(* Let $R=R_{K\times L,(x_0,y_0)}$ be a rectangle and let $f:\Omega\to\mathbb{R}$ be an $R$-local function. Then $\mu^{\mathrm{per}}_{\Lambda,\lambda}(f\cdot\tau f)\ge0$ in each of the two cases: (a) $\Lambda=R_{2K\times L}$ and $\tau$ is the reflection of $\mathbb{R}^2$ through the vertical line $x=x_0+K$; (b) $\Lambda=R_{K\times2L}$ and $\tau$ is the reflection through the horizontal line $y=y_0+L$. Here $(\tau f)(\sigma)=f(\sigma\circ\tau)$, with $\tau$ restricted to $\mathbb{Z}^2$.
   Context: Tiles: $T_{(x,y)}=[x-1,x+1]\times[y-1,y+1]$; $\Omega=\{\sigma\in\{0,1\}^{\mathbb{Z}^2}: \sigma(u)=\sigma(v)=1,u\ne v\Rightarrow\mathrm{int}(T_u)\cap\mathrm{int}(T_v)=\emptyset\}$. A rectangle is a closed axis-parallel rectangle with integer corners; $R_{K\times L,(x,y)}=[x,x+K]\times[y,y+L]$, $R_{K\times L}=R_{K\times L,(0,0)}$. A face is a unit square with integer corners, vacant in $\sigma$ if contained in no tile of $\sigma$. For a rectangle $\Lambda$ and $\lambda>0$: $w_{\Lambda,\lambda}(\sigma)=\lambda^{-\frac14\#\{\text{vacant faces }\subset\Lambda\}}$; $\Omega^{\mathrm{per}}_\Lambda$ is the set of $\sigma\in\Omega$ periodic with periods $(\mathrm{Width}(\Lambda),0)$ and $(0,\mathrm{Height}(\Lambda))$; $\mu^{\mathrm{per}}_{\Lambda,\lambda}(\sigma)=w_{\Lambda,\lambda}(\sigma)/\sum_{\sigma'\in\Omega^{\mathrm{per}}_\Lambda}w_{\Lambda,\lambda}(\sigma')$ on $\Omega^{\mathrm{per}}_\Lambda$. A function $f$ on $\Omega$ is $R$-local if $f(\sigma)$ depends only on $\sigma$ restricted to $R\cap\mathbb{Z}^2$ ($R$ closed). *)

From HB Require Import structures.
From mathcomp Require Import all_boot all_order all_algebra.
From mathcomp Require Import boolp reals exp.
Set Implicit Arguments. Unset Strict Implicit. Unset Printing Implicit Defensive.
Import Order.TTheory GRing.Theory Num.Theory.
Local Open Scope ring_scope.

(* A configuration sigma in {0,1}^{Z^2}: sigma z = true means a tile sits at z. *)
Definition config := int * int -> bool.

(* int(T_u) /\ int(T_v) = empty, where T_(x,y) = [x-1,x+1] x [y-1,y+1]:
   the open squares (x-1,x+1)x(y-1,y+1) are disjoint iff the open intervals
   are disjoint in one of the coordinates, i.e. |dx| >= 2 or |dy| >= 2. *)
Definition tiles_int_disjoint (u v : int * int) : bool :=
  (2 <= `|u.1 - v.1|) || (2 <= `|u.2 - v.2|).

- WHAT THE EXERCISE ASKS
Wherever a line in the entries above holds "mathcomp", copy that line.

- RESPONSE TO THIS EXERCISE
From mathcomp Require Import all_boot all_order all_algebra.
From mathcomp Require Import boolp reals exp.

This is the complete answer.